I plan to create something that will make it easier to filter and search for objects based on their geographic location and be able to find out how many objects can be found on this particular node.

So, if I have only one entity in my entities table, I might have something like this

`Earth (1)

United Kingdom (1)

England (1)

East Sussex (1)

Brighton and Hove City (1)

Brighton (1) `

Lets then say that I have another entity that is in Devon, then it will show something like:

Earth (2)

United Kingom (2)

England (2)

Devon (1)

East Sussex (1) ... etc.

(Graphs) that will say how many objects β€œinside” each geographic location do not need to live. I can live by creating my object every hour and caching it.
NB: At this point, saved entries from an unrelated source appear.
Lemma ga_coord_rho (K : fieldType) (v : 'rV[K]_#|{: 'I_r * G}|) :
  ga_coord (rho (ftilde_over K) (ga_uncoord v)) = v *m intmx rho_intmx.
Proof.
apply/matrixP => i i'; rewrite [i]ord1 !mxE; case Ei' : (enum_val i') => [k u] /=.
rewrite (reindex_onto enum_rank enum_val) /=; last by move=> t _; rewrite enum_valK.
rewrite (eq_bigl xpredT) => [|t]; last by rewrite enum_rankK eqxx.
rewrite /rho /ga_mul pair_big /=; apply: eq_bigr => -[j g] _ /=.
rewrite /ga_uncoord /hstar !mxE enum_rankK Ei' invMg invgK /ftilde_over summxE.
by rewrite rmorph_sum; congr (_ * _); apply: eq_bigr => p _; rewrite mxE.
Qed.

Lemma rhoE (K : fieldType) (x : 'I_r -> G -> K) :
  rho (ftilde_over K) x = ga_uncoord (ga_coord x *m intmx rho_intmx).
Proof. by rewrite -ga_coord_rho !ga_coordK. Qed.

Lemma det_intmx n (M : 'M[int]_n) : \det (intmx M) = (\det M)%:~R :> rat.
Proof. exact: (det_map_mx (intr : {rmorphism int -> rat})). Qed.

Lemma det_rho_ftilde : det_rho (ftilde phi f) = (\det rho_intmx)%:~R.
Proof.
rewrite /det_rho -det_intmx; congr (\det _); apply/matrixP => i j.
by rewrite mxE ga_coord_rho -rowE mxE.
Qed.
The goal is to create an interface that can start by showing only countries that have entities.

Like it so much

Argentina (1021) , Chile (291) , ... , United States (32,103) , United Kingdom (12,338)

The user then clicks on a location such as United Kindom, and then all immediate child nodes that are descendants of the United Kingdom and have an entity in them will be provided.

If there are 32 environments in United Kindgdom, but only 23 of them, after all, when you expand, have entities stored in them, then I do not want to display the other 9. These are only locations.

This site accurately demonstrates the functionality I want to achieve: http://www.homeaway.com/vacation-rentals/europe/r5 enter image description here

How do you recommend me to manage such a data structure?

Things I use.

  • Php
  • MySQL
  • Solr

I plan for the cuts to be as quick as possible. I want to create an AJAX interface that will seem useless to search.

I would also be interested to know in which columns you would recommend indexing.

+6
mysql enumeration adjacency-list nested-sets
source share
2 answers

There are usually three types of queries in hierarchies that cause problems:

  • The return of all ancestors
  • Return all descendants
  • Returns all children (immediate descendants).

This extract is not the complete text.